Force field: AMOEBA (amoebabio18.prm). Engine: Tinker9 (dynamic9, minimize9).

1. PDB preparation

Source PDB

Start from a crystal / cryo-EM structure in PDB format. Before running anything:

  • Decide the protonation states of ionizable residues (for RNA/DNA the standard assumption is deprotonated phosphates; for proteins use PROPKA or similar).
  • Remove or keep heteroatoms intentionally (crystallographic waters, buffer ions, ligands). pdbxyz will silently drop anything it doesn't recognize.
  • Decide what to do with missing atoms/residues. If the structure is incomplete, fix it externally first (e.g. with PDBFixer) before the steps below.

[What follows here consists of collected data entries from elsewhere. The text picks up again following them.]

(* Let $X$ be a finite set and let $\tau\subseteq\binom{X}{2}$ be non-empty with $L(\tau)=X$. Then $\tau$ is thin (i.e. $|L(\tau')|\ge|\tau'|+1$ for every non-empty $\tau'\subseteq\tau$) if and only if the bipartite graph $G(\tau)$ is a forest.
   Context: $L(\tau)=\bigcup_{s\in\tau}s$. $G(\tau)$ is the bipartite graph with vertex set $\tau\cup L(\tau)$ (the two sides) in which $t\in\tau$ and $x\in L(\tau)$ are adjacent if and only if $x\in t$. *)

From mathcomp Require Import all_boot.
Set Implicit Arguments. Unset Strict Implicit. Unset Printing Implicit Defensive.

Definition L (X : finType) (tau : {set {set X}}) : {set X} :=
  \bigcup_(s in tau) s.

Definition thin (X : finType) (tau : {set {set X}}) : Prop :=
  forall tau' : {set {set X}}, tau' \subset tau -> tau' != set0 ->
    #|tau'| + 1 <= #|L tau'|.

(* Vertices of G(tau): left side = members of tau (inl), right side = points of L(tau) (inr). *)
Definition Gvertex (X : finType) := ({set X} + X)%type.

Definition Gvert (X : finType) (tau : {set {set X}}) (v : Gvertex X) : bool :=
  match v with
  | inl t => t \in tau
  | inr x => x \in L tau
  end.

Definition Gadj (X : finType) (tau : {set {set X}}) : rel (Gvertex X) :=
  fun u v =>
    match u, v with
    | inl t, inr x => [&& t \in tau, x \in L tau & x \in t]
    | inr x, inl t => [&& t \in tau, x \in L tau & x \in t]
    | _, _ => false
    end.

Definition has_cycle (X : finType) (tau : {set {set X}}) : Prop :=
  exists c : seq (Gvertex X),
    [/\ 3 <= size c, uniq c, all (Gvert tau) c & cycle (Gadj tau) c].

Definition Gforest (X : finType) (tau : {set {set X}}) : Prop := ~ has_cycle tau.

From mathcomp Require Import all_boot zify.
Set Implicit Arguments. Unset Strict Implicit. Unset Printing Implicit Defensive.

(* A cycle of G(tau) alternates between members and points.  Each member on it
   is a 2-set, hence consists exactly of its two neighbours on the cycle, so
   the members on the cycle cover only the points on the cycle, and these are
   no more numerous than the members: thinness fails.  Conversely, let sigma be
   a non-empty subfamily with |L(sigma)| <= |sigma|.  A point lying in a single
   member e can be deleted together with e without losing this deficiency; once
   every point lies in two members, every vertex of G(sigma) has degree at
   least 2, and a longest path in G(sigma) closes up into a cycle. *)

Lemma prev_neq_next (T : eqType) (c : seq T) (v : T) :
  uniq c -> 3 <= size c -> v \in c -> prev c v != next c v.
Proof.
move=> c_uniq c_size /rot_to[i s c_rot].
rewrite -(prev_rot i c_uniq) -(next_rot i c_uniq) c_rot.
have : 3 <= size (v :: s) by rewrite -c_rot size_rot.
have : uniq (v :: s) by rewrite -c_rot rot_uniq.
case: s {c_rot} => [|a [|b s]] // vabs_uniq _; apply/eqP => prev_eq_next.
have := next_prev vabs_uniq v; rewrite prev_eq_next /= eqxx.
move: vabs_uniq; rewrite /= !inE eq_sym => /andP[/norP[/negbTE-> /norP[vb _]] _].
by rewrite eqxx => bv; rewrite bv eqxx in vb.
Qed.

Section MinDegreeCycle.

Variables (V : finType) (e : rel V).
Hypotheses (e_sym : symmetric e) (e_irr : irreflexive e).

Lemma cycle_of_chord (x w : V) (s : seq V) :
  uniq (x :: s) -> path e x s -> e x w -> w \in s -> w != head x s ->
  exists c, [/\ 3 <= size c, uniq c, {subset c <= x :: s} & cycle e c].
Proof.
move=> + + xw w_s; case/splitPr: w_s => s1 s2; case: s1 => [|a s1]; first by rewrite /= eqxx.
rewrite -cat_rcons => xs_uniq xs_path _.
exists (x :: rcons (a :: s1) w); split.
- by rewrite /= size_rcons.
- by move: xs_uniq; rewrite -cat_cons cat_uniq => /andP[].
- by move=> y y_in; rewrite -cat_cons mem_cat y_in.
- rewrite /cycle rcons_path last_rcons e_sym xw andbT.
  by move: xs_path; rewrite cat_path => /andP[].
Qed.

Lemma cycle_of_min_degree2 (S : {set V}) :
  S != set0 -> {in S, forall v, 1 < #|[set w in S | e v w]|} ->
  exists c, [/\ 3 <= size c, uniq c, {subset c <= S} & cycle e c].
Proof.
move=> /set0Pn[v0 v0S] deg2.
have neighbour_avoiding v u : v \in S -> exists2 w, w \in S & e v w && (w != u).
  move=> /deg2/card_gt1P[w1 [w2 []]]; rewrite !inE => /andP[w1S vw1] /andP[w2S vw2].
  have [<- w12 | w1u _] := eqVneq w1 u; last by exists w1; rewrite ?vw1.
  by exists w2; rewrite // vw2 eq_sym.
suff grow n x s : #|V| - size s < n -> uniq (x :: s) -> {subset x :: s <= S} ->
    path e x s -> exists c, [/\ 3 <= size c, uniq c, {subset c <= S} & cycle e c].
  by apply: (grow _ v0 [::] (ltnSn _)) => // y; rewrite inE => /eqP->.
elim: n x s => // n IH x s bound xs_uniq xs_S xs_path.
have [w wS /andP[xw w_new]] := neighbour_avoiding x (head x s) (xs_S x (mem_head x s)).
have [w_old | w_fresh] := boolP (w \in x :: s).
  have w_s : w \in s by move: w_old; rewrite inE => /predU1P[wx|//]; rewrite wx e_irr in xw.
  have [c [c_size c_uniq c_sub c_cycle]] := cycle_of_chord xs_uniq xs_path xw w_s w_new.
  by exists c; split=> // y /c_sub/xs_S.
apply: (IH w (x :: s)); rewrite /= ?w_fresh ?xs_uniq ?xs_path 1?e_sym ?xw //.
- have : size (x :: s) <= #|V| by move/card_uniqP: xs_uniq => <-; apply: max_card.
  move: bound => /=; lia.
- by move=> y; rewrite inE => /predU1P[-> //|/xs_S].
Qed.

End MinDegreeCycle.

Lemma L_subset (X : finType) (sigma tau : {set {set X}}) :
  sigma \subset tau -> L sigma \subset L tau.
Proof. by move=> /subsetP sub; apply/bigcupsP => t /sub; apply: bigcup_sup. Qed.

Lemma mem_L (X : finType) (tau : {set {set X}}) (t : {set X}) (x : X) :
  t \in tau -> x \in t -> x \in L tau.
Proof. by move=> tt xt; apply/bigcupP; exists t. Qed.

Lemma Gadj_sym (X : finType) (tau : {set {set X}}) : symmetric (Gadj tau).
Proof. by case=> [?|?] [?|?]. Qed.

Lemma Gadj_irr (X : finType) (tau : {set {set X}}) : irreflexive (Gadj tau).
Proof. by case. Qed.

Lemma Gadj_inl (X : finType) (tau : {set {set X}}) (t : {set X}) (v : Gvertex X) :
  Gadj tau (inl t) v = if v is inr x then (t \in tau) && (x \in t) else false.
Proof.
case: v => //= x; case: (boolP (t \in tau)) => //= tt.
by case: (boolP (x \in t)) => xt; rewrite ?(mem_L tt xt) ?andbF.
Qed.

Lemma card_cycle_points_le_members (X : finType) (tau : {set {set X}}) (c : seq (Gvertex X)) :
  uniq c -> cycle (Gadj tau) c ->
  #|[set x | inr x \in c]| <= #|[set t | inl t \in c]|.
Proof.
move=> c_uniq c_cycle.
pose f x := if next c (inr x) is inl t then t else set0.
have next_inr x : inr x \in c -> next c (inr x) = inl (f x).
  by move=> /(next_cycle c_cycle); rewrite /f; case: (next c (inr x)).
rewrite -(@card_in_imset _ _ f).
  apply/subset_leq_card/subsetP => t /imsetP[x]; rewrite inE => xc ->.
  by rewrite inE -next_inr // mem_next.
move=> x y; rewrite !inE => xc yc fxy.
by have := prev_next c_uniq (inr x); rewrite next_inr // fxy -next_inr // prev_next // => -[].
Qed.

Definition point_degree (X : finType) (tau : {set {set X}}) (x : X) : nat :=
  #|[set t in tau | x \in t]|.

Lemma leaf_member (X : finType) (tau : {set {set X}}) (x : X) :
  x \in L tau -> point_degree tau x <= 1 ->
  exists2 e, e \in tau & {in tau, forall t : {set X}, x \in t -> t = e}.
Proof.
move=> /bigcupP[e ee xe] /card_le1_eqP deg1.
by exists e => // t tt xt; apply: deg1; rewrite inE ?tt ?ee.
Qed.

Lemma L_setD1_leaf (X : finType) (tau : {set {set X}}) (e : {set X}) (x : X) :
  {in tau, forall t : {set X}, x \in t -> t = e} -> L (tau :\ e) \subset L tau :\ x.
Proof.
move=> leaf; apply/bigcupsP => t; rewrite !inE => /andP[te tt]; apply/subsetP => y yt.
rewrite !inE (mem_L tt yt) andbT; apply: contraNneq te => yx.
by rewrite (leaf t) // -yx.
Qed.

Section PairFamilies.

Variables (X : finType) (tau : {set {set X}}).
Hypothesis tau_pairs : forall t, t \in tau -> #|t| = 2.

Lemma L_cycle_members_subset (c : seq (Gvertex X)) :
  uniq c -> 3 <= size c -> cycle (Gadj tau) c ->
  L [set t | inl t \in c] \subset [set x | inr x \in c].
Proof.
move=> c_uniq c_size c_cycle; apply/bigcupsP => t; rewrite inE => tc.
have := prev_neq_next c_uniq c_size tc.
have := mem_prev c (inl t); have := mem_next c (inl t); rewrite tc.
have := next_cycle c_cycle tc; have := prev_cycle c_cycle tc.
rewrite Gadj_sym !Gadj_inl.
case: (prev c (inl t)) => // a /andP[tt a_t]; case: (next c (inl t)) => // b /andP[_ b_t].
move=> bc ac ab; apply/subsetP => y.
have -> : t = [set a; b].
  apply/eqP; rewrite eq_sym eqEcard subUset !sub1set a_t b_t cards2 tau_pairs //.
  by rewrite ab.
by rewrite !inE => /pred2P[]->.
Qed.

Lemma thin_Gforest : thin tau -> Gforest tau.
Proof.
move=> tau_thin [c [c_size c_uniq c_G c_cycle]].
set members := [set t | inl t \in c].
have members_sub : members \subset tau.
  by apply/subsetP => t; rewrite inE => /(allP c_G).
have members_nonempty : members != set0.
  have [v vc] : exists v, v \in c by case: (c) c_size => // v c' _; exists v; apply: mem_head.
  apply/set0Pn; case: v vc => [t tc | x xc]; first by exists t; rewrite inE.
  have := next_cycle c_cycle xc; rewrite -(mem_next c) in xc.
  by case: (next c (inr x)) xc => // t tc _; exists t; rewrite inE.
have L_le_members : #|L members| <= #|members|.
  exact: leq_trans (subset_leq_card (L_cycle_members_subset c_uniq c_size c_cycle))
                   (card_cycle_points_le_members c_uniq c_cycle).
by have := leq_trans (tau_thin _ members_sub members_nonempty) L_le_members; rewrite addn1 ltnn.
Qed.

Lemma has_cycle_of_min_degree2 (sigma : {set {set X}}) :
  sigma \subset tau -> sigma != set0 ->
  {in L sigma, forall x, 1 < point_degree sigma x} -> has_cycle tau.
Proof.
move=> sub sigma_nonempty deg2.
have sub_tau := subsetP sub; have sub_L := subsetP (L_subset sub).
have [||c [c_size c_uniq c_sub c_cycle]] :=
  cycle_of_min_degree2 (Gadj_sym tau) (Gadj_irr tau) (S := [set v | Gvert sigma v]).
- by case/set0Pn: sigma_nonempty => t st; apply/set0Pn; exists (inl t); rewrite inE.
- case=> [t|x]; rewrite inE /= => v_in; apply/card_gt1P.
  + have /cards2P[a [b [ab t_ab]]] : #|t| == 2 by rewrite tau_pairs ?sub_tau.
    have a_t : a \in t by rewrite t_ab !inE eqxx.
    have b_t : b \in t by rewrite t_ab !inE eqxx orbT.
    have tt := sub_tau t v_in.
    exists (inr a), (inr b); rewrite !inE /= tt a_t b_t ab.
    by rewrite (mem_L v_in a_t) (mem_L v_in b_t) (mem_L tt a_t) (mem_L tt b_t).
  + have /card_gt1P[t1 [t2 []]] := deg2 x v_in.
    rewrite !inE => /andP[t1s x_t1] /andP[t2s x_t2] t12.
    by exists (inl t1), (inl t2); rewrite !inE /= t1s t2s !sub_tau // sub_L // x_t1 x_t2.
- exists c; split=> //; apply/allP => v /c_sub; rewrite inE.
  by case: v => [t /sub_tau | x /sub_L].
Qed.

Lemma has_cycle_of_deficient (sigma : {set {set X}}) :
  sigma \subset tau -> sigma != set0 -> #|L sigma| <= #|sigma| -> has_cycle tau.
Proof.
have [n] := ubnP #|sigma|; elim: n sigma => // n IH sigma size_lt sub nonempty deficient.
have [deg2 | /forall_inPn[x xL]] :=
  boolP [forall (x | x \in L sigma), 1 < point_degree sigma x].
  by apply: has_cycle_of_min_degree2 sub nonempty _; apply/forall_inP.
rewrite -leqNgt => /(leaf_member xL)[e es leaf].
have card_sigma : #|sigma| = (#|sigma :\ e|).+1 by rewrite (cardsD1 e) es.
have card_L : #|L sigma| = (#|L sigma :\ x|).+1 by rewrite (cardsD1 x) xL.
apply: (IH (sigma :\ e)).
- by rewrite -ltnS -card_sigma.
- exact: subset_trans (subD1set _ _) sub.
- apply: contraTneq deficient => rest0; rewrite card_sigma rest0 cards0 -ltnNge.
  by rewrite -(tau_pairs (subsetP sub e es)); apply/subset_leq_card/bigcup_sup.
- move: deficient; rewrite card_sigma card_L ltnS; apply: leq_trans.
  exact/subset_leq_card/L_setD1_leaf.
Qed.

End PairFamilies.

Theorem corollary2 (X : finType) (tau : {set {set X}}) :
  (forall t, t \in tau -> #|t| = 2) ->
  tau != set0 ->
  L tau = setT ->
  thin tau <-> Gforest tau.
Proof.
move=> tau_pairs _ _; split; first exact: thin_Gforest.
move=> forest sigma sub nonempty; rewrite leqNgt addn1 ltnS; apply/negP => deficient.
exact/forest/(has_cycle_of_deficient tau_pairs sub nonempty deficient).
Qed.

pdbxyz → xyzpdb round-trip

The goal of this step is to produce a PDB in the exact format that xyzpdb will emit from then on, so that any future PDB written from an MD trajectory (e.g. for visualization, diffing, or restart) is line-for-line comparable to the starting reference.

pdbxyz  input.pdb  -k tinker.key
xyzpdb  input.xyz  -k tinker.key

Where tinker.key points at the AMOEBA parameter file:

parameters /home/yw24267/programs/tinker/Tinker8/2501/params/amoebabio18.prm

The resulting input.pdb (overwriting the input, so back up the original) is the canonical PDB for this system. Use this as your reference structure from this point on — not the crystal PDB — when comparing to simulation frames.

Why do the round-trip:

  • The crystal PDB contains headers (HEADER, TITLE, SOURCE, COMPND, REMARK, MASTER, CONECT…) and metadata that xyzpdb does not emit.
  • Hydrogens added by pdbxyz get standardized names/ordering.
  • Atom numbering, chain ID handling, and record termination match the Tinker convention after the round-trip.

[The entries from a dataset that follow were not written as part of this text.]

(* Let $\mathbb Z^\infty=\bigoplus_{\mathbb N}\mathbb Z$ and, for a weight function $w:\mathbb N\to\mathbb R_{>0}$, let $d_w(x,y)=\sum_{j\ge0}w(j)|x_j-y_j|$. Then $(\mathbb Z^\infty,d_{w_1})$ with $w_1(n)=n+1$ and $(\mathbb Z^\infty,d_{w_2})$ with $w_2(n)=1$ are not coarsely equivalent: there are no coarse maps $f:(\mathbb Z^\infty,d_{w_1})\to(\mathbb Z^\infty,d_{w_2})$ and $g:(\mathbb Z^\infty,d_{w_2})\to(\mathbb Z^\infty,d_{w_1})$ such that $g\circ f$ is close to the identity of $\mathbb Z^\infty$ and $f\circ g$ is close to the identity of $\mathbb Z^\infty$.
   Context: $\mathbb Z^\infty$ is the set of integer sequences $(x_0,x_1,\dots)$ with only finitely many nonzero entries. A map $f:(X,d_X)\to(Y,d_Y)$ between metric spaces is coarse if it is uniformly expansive (for every $R>0$ there is $S>0$ with $d_Y(fx,fx')\le S$ whenever $d_X(x,x')\le R$) and metrically proper (preimages of bounded sets are bounded). Two maps $f,f':X\to Y$ are close if $\sup_{x}d_Y(fx,f'x)<\infty$. *)

From HB Require Import structures.
From mathcomp Require Import all_boot all_order all_algebra.
Set Implicit Arguments. Unset Strict Implicit. Unset Printing Implicit Defensive.
Import Order.TTheory GRing.Theory Num.Theory.
Local Open Scope ring_scope.

(* Z^infty = finitely supported integer sequences, represented canonically
   as finite lists of integers with no trailing zeros
   (x_j = nth 0 s j; the empty list is the zero sequence). *)
Definition Zinf := {s : seq int | last 1 s != 0}.

Definition coord (x : Zinf) (j : nat) : int := nth 0 (val x) j.

(* Weighted l^1 metric d_w(x,y) = sum_j w(j) |x_j - y_j|; the sum is finite
   since coordinates beyond both supports vanish. *)
Definition dw (w : nat -> int) (x y : Zinf) : int :=
  \sum_(j < maxn (size (val x)) (size (val y))) w j * `|coord x j - coord y j|.

Definition w1 (n : nat) : int := (n.+1)%:Z.
Definition w2 (n : nat) : int := 1.

Definition d1 := dw w1.
Definition d2 := dw w2.

Definition bounded (T : Type) (d : T -> T -> int) (B : T -> Prop) : Prop :=
  exists (c : T) (r : int), forall y, B y -> d c y <= r.

Definition uniformly_expansive (X Y : Type) (dX : X -> X -> int) (dY : Y -> Y -> int)
  (f : X -> Y) : Prop :=
  forall R : int, exists S : int, forall x x', dX x x' <= R -> dY (f x) (f x') <= S.

Definition metrically_proper (X Y : Type) (dX : X -> X -> int) (dY : Y -> Y -> int)
  (f : X -> Y) : Prop :=
  forall B : Y -> Prop, bounded dY B -> bounded dX (fun x => B (f x)).

Definition coarse (X Y : Type) (dX : X -> X -> int) (dY : Y -> Y -> int)
  (f : X -> Y) : Prop :=
  uniformly_expansive dX dY f /\ metrically_proper dX dY f.

Definition close (X Y : Type) (dY : Y -> Y -> int) (f f' : X -> Y) : Prop :=
  exists C : int, forall x, dY (f x) (f' x) <= C.

(* Since w_1 grows, a d_1-ball of radius s is finite: its points agree with
   the centre from coordinate s on and differ from it by at most s before.
   The spikes (n + 1) e_j, j in N, all lie in the d_2-ball of radius n + 1
   about 0, so a uniformly expansive g : (Z^oo, d_2) -> (Z^oo, d_1) sends them
   into a d_1-ball and hence identifies two distinct spikes.  These are at
   d_2-distance at least n + 1, but if f o g is C-close to the identity they
   are within 2C of each other; n = 2|C| gives a contradiction. *)

From Pilot Require Import Defs.
From mathcomp Require Import all_boot all_order all_algebra.
From mathcomp Require Import zify.
Import Order.TTheory GRing.Theory Num.Theory.
Local Open Scope ring_scope.

Lemma coord_default (x : Zinf) j : (size (val x) <= j)%N -> Defs.coord x j = 0.
Proof. by move=> le_xj; rewrite /Defs.coord nth_default. Qed.

Lemma size_Zinf_le (x y : Zinf) :
  (forall j, Defs.coord x j = Defs.coord y j) -> (size (val x) <= size (val y))%N.
Proof.
move=> exy; rewrite leqNgt; apply/negP => lt_yx.
have x_neq0 : (0 < size (val x))%N by apply: leq_ltn_trans lt_yx.
have := valP x; rewrite -(nth_last 1) (set_nth_default 0) ?prednK //.
move: (exy (size (val x)).-1); rewrite /Defs.coord => ->.
by rewrite nth_default ?eqxx // -ltnS prednK.
Qed.

Lemma Zinf_coord_inj (x y : Zinf) : (forall j, Defs.coord x j = Defs.coord y j) -> x = y.
Proof.
move=> exy; apply: val_inj.
have size_xy : size (val x) = size (val y).
  by apply/eqP; rewrite eqn_leq !size_Zinf_le.
by apply: (eq_from_nth (x0 := 0)) => // j _; apply: exy.
Qed.

Section WeightedDistance.

Variable w : nat -> int.
Hypothesis w_ge0 : forall j, 0 <= w j.

Lemma dw_widen (x y : Zinf) N :
  (maxn (size (val x)) (size (val y)) <= N)%N ->
  dw w x y = \sum_(j < N) w j * `|Defs.coord x j - Defs.coord y j|.
Proof.
move=> le_N; pose F j := w j * `|Defs.coord x j - Defs.coord y j|.
rewrite /dw -!(big_mkord xpredT F) (big_cat_nat (leq0n _) le_N) /=.
rewrite [X in _ = _ + X]big_nat_cond [X in _ = _ + X]big1 ?addr0 //.
move=> j /andP[/andP[le_j _] _].
rewrite /F !coord_default ?subrr ?normr0 ?mulr0 //; apply: leq_trans le_j.
  exact: leq_maxr.
exact: leq_maxl.
Qed.

Lemma dw_sym (x y : Zinf) : dw w x y = dw w y x.
Proof. by rewrite /dw maxnC; apply: eq_bigr => j _; rewrite distrC. Qed.

Lemma dw_ge_term (x y : Zinf) j :
  w j * `|Defs.coord x j - Defs.coord y j| <= dw w x y.
Proof.
set N := maxn (maxn (size (val x)) (size (val y))) j.+1.
have lt_jN : (j < N)%N by apply: leq_maxr.
rewrite (@dw_widen x y N) ?leq_maxl // (bigD1 (Ordinal lt_jN)) //= lerDl.
by apply: sumr_ge0 => i _; apply: mulr_ge0.
Qed.

Lemma dw_triangle (x y z : Zinf) : dw w x z <= dw w x y + dw w y z.
Proof.
set N := maxn (maxn (size (val x)) (size (val y))) (size (val z)).
rewrite (@dw_widen x z N) ?(@dw_widen x y N) ?(@dw_widen y z N) /N; try lia.
rewrite -big_split /=; apply: ler_sum => j _; rewrite -mulrDr ler_wpM2l //.
by rewrite -[X in `|X|](subrKA (Defs.coord y j)) ler_normD.
Qed.

End WeightedDistance.

Lemma d1_ge_coord (p y : Zinf) i :
  (i.+1)%:Z * `|Defs.coord y i - Defs.coord p i| <= d1 p y.
Proof. by rewrite distrC; exact: dw_ge_term. Qed.

Section D1Ball.

Variables (p : Zinf) (s : nat).

Lemma d1_ball_coord_near {y : Zinf} i :
  d1 p y <= s%:Z -> `|Defs.coord y i - Defs.coord p i| <= s%:Z.
Proof.
move=> le_ys; apply: le_trans (le_trans (d1_ge_coord p y i) le_ys).
by rewrite -[X in X <= _]mul1r ler_wpM2r.
Qed.

Lemma d1_ball_coord_far {y : Zinf} i :
  d1 p y <= s%:Z -> (s <= i)%N -> Defs.coord y i = Defs.coord p i.
Proof.
move=> le_ys le_si; have := le_trans (d1_ge_coord p y i) le_ys; nia.
Qed.

Definition d1_ball_code (y : Zinf) : {ffun 'I_s -> 'I_(s + s).+1} :=
  [ffun i : 'I_s => inord (absz (Defs.coord y i - Defs.coord p i + s%:Z))].

Lemma d1_ball_code_inj (y z : Zinf) :
  d1 p y <= s%:Z -> d1 p z <= s%:Z -> d1_ball_code y = d1_ball_code z -> y = z.
Proof.
move=> le_ys le_zs eq_code; apply: Zinf_coord_inj => i.
have [lt_is | le_si] := ltnP i s; last by rewrite !d1_ball_coord_far.
have near_y := d1_ball_coord_near i le_ys.
have near_z := d1_ball_coord_near i le_zs.
have := congr1 (fun c : {ffun _ -> _} => nat_of_ord (c (Ordinal lt_is))) eq_code.
by rewrite /= !ffunE /= !inordK; lia.
Qed.

Lemma d1_ball_collision (u : nat -> Zinf) :
  (forall j, d1 p (u j) <= s%:Z) -> exists j k, j != k /\ u j = u k.
Proof.
move=> u_ball; pose K := #|{ffun 'I_s -> 'I_(s + s).+1}|.+1.
have : ~~ injectiveb (fun j : 'I_K => d1_ball_code (u j)).
  by apply/injectiveP => /leq_card; rewrite card_ord ltnn.
case/injectivePn => j [k ne_jk eq_code]; exists (val j), (val k); split=> //.
exact: d1_ball_code_inj.
Qed.

End D1Ball.

Definition Zinf0 : Zinf := exist _ [::] (oner_neq0 int).

Fact spike_key (n j : nat) : last 1 (rcons (nseq j 0) n.+1%:Z) != 0.
Proof. by rewrite last_rcons. Qed.

(* [spike n j] is (n + 1) e_j; the height is a successor so that the list has
   no trailing zero. *)
Definition spike (n j : nat) : Zinf := exist (fun s => last 1 s != 0) _ (spike_key n j).

Lemma coord_spike n j i : Defs.coord (spike n j) i = if i == j then n.+1%:Z else 0.
Proof.
rewrite /Defs.coord /= nth_rcons size_nseq.
by case: ltngtP => [lt_ij | // | //]; rewrite nth_nseq lt_ij.
Qed.

Lemma d2_Zinf0_spike n j : d2 Zinf0 (spike n j) = n.+1%:Z.
Proof.
rewrite /d2 (@dw_widen w2 _ _ j.+1) /= ?size_rcons ?size_nseq //.
rewrite big_ord_recr /= big1 ?add0r => [|i _].
  by rewrite coord_spike eqxx /Defs.coord nth_nil /w2 mul1r sub0r normrN.
by rewrite coord_spike (ltn_eqF (ltn_ord i)) /Defs.coord nth_nil subrr mulr0.
Qed.

Lemma d2_spike_ge n {j k} : j != k -> n.+1%:Z <= d2 (spike n j) (spike n k).
Proof.
move=> ne_jk; have := @dw_ge_term w2 (fun=> ler01) (spike n j) (spike n k) j.
by rewrite !coord_spike eqxx (negbTE ne_jk) /w2 mul1r subr0.
Qed.

Lemma expansive_d2_d1_spike_collision {g : Zinf -> Zinf} n :
  uniformly_expansive d2 d1 g ->
  exists j k, j != k /\ g (spike n j) = g (spike n k).
Proof.
move=> /(_ n.+1%:Z) [S g_exp].
apply: (@d1_ball_collision (g Zinf0) `|S|%N) => j.
by rewrite (le_trans (g_exp _ _ _)) ?d2_Zinf0_spike // abszE ler_norm.
Qed.

Theorem proposition7p3p4 :
  ~ exists (f : Zinf -> Zinf) (g : Zinf -> Zinf),
      [/\ coarse d1 d2 f, coarse d2 d1 g,
          close d1 (fun x => g (f x)) (fun x => x)
        & close d2 (fun y => f (g y)) (fun y => y)].
Proof.
move=> [f [g [_ [g_exp _] _ [C fg_close]]]].
set n := (`|C| + `|C|)%N.
have [j [k [ne_jk eq_g]]] := expansive_d2_d1_spike_collision n g_exp.
have close_j := fg_close (spike n j); rewrite /d2 dw_sym eq_g in close_j.
have close_k := fg_close (spike n k).
have tri := @dw_triangle w2 (fun=> ler01) (spike n j) (f (g (spike n k))) (spike n k).
have := le_trans (d2_spike_ge n ne_jk) (le_trans tri (lerD close_j close_k)).
by rewrite /n; lia.
Qed.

Without this step, a diff between the input PDB and later xyzpdb output is dominated by format noise rather than real coordinate differences.

2. Solvation and neutralization (Tinker-GUI)

System building is handled by cli.py in Tinker-GUI. The CLI takes a YAML config and produces a minimized-ready .xyz / .key pair plus intermediates in temp/.

config.yaml

Example for an RNA k-turn system with neutralizing Mg²⁺/Na⁺/Cl⁻, no added bulk salt, 12 Å buffer:

tinker_path: /home/yw24267/programs/tinker/Tinker8/2501/bin
amoeba_prm:  /home/yw24267/programs/tinker/Tinker8/2501/params/amoebabio18.prm
output_prefix: minimize
solutes:
  nucleic_acid:
    - myrna.pdb             # use the round-tripped PDB from step 1
solvent:
  name: water
ions:
  neutralizers:
    - Mg2+
    - Na+
    - Cl-
  salts:
    names:
      - Mg2+
      - Na+
      - Cl-
    concentrations:
      - 0.0
      - 0.0
      - 0.0
box:
  type: rectangular          # cubic or rectangular
  buffer: 12.0               # Å between solute and box wall
  # size: [60, 60, 60]       # if set, overrides buffer

Key fields:

  • output_prefix: minimize — the downstream masterscript expects minimize_final.xyz / minimize_final.key, so keep this as minimize.
  • neutralizers — the CLI adds whichever of these are needed to zero out the net charge. For RNA (negative backbone) you'll typically need Mg²⁺ and/or Na⁺.
  • salts.concentrations — set to 0.0 for pure counter-ion neutralization. Use non-zero values (mol/L) to add bulk salt on top of neutralization.
  • buffer: 12.0 — distance from solute to the nearest box face. 12–15 Å is standard; 15 Å is safer for larger conformational changes.

Running the CLI

python /home/bae969/programs/Tinker-GUI/cli.py -c config.yaml

Outputs:

  • minimize_final.xyz — solvated, neutralized starting structure
  • minimize_final.key — matching key file with box dimensions and parameter path
  • temp/ — intermediate files (solute-only xyz, water box, per-ion-addition snapshots, logs). Do not delete temp/minimize.xyz — the masterscript reads it to determine how many solute atoms to restrain.

Sanity check

Before proceeding, verify the system is sensible:

analyze  minimize_final.xyz  -k minimize_final.key  em
  • Net charge should be 0 (within rounding). If not, the neutralizer list in config.yaml needs adjustment.
  • Total dipole should be finite (no NaNs).
analyze  minimize_final.xyz  -k minimize_final.key  ep
  • Every atom should have multipole and vdW parameters. Missing parameters on any atom means an unrecognized residue / atom name that pdbxyz couldn't map.

3. Minimization

Performed by minimize9 with a gradient tolerance of 0.5 kcal/mol/Å using a key file that includes a position restraint on the solute:

RESTRAIN-POSITION  -1  N  50.0

where N is the number of solute atoms (read by the masterscript from temp/minimize.xyz). The restraint keeps the solute near its starting coordinates while water and ions relax around it. The force constant 50.0 is in kcal/mol/Ų.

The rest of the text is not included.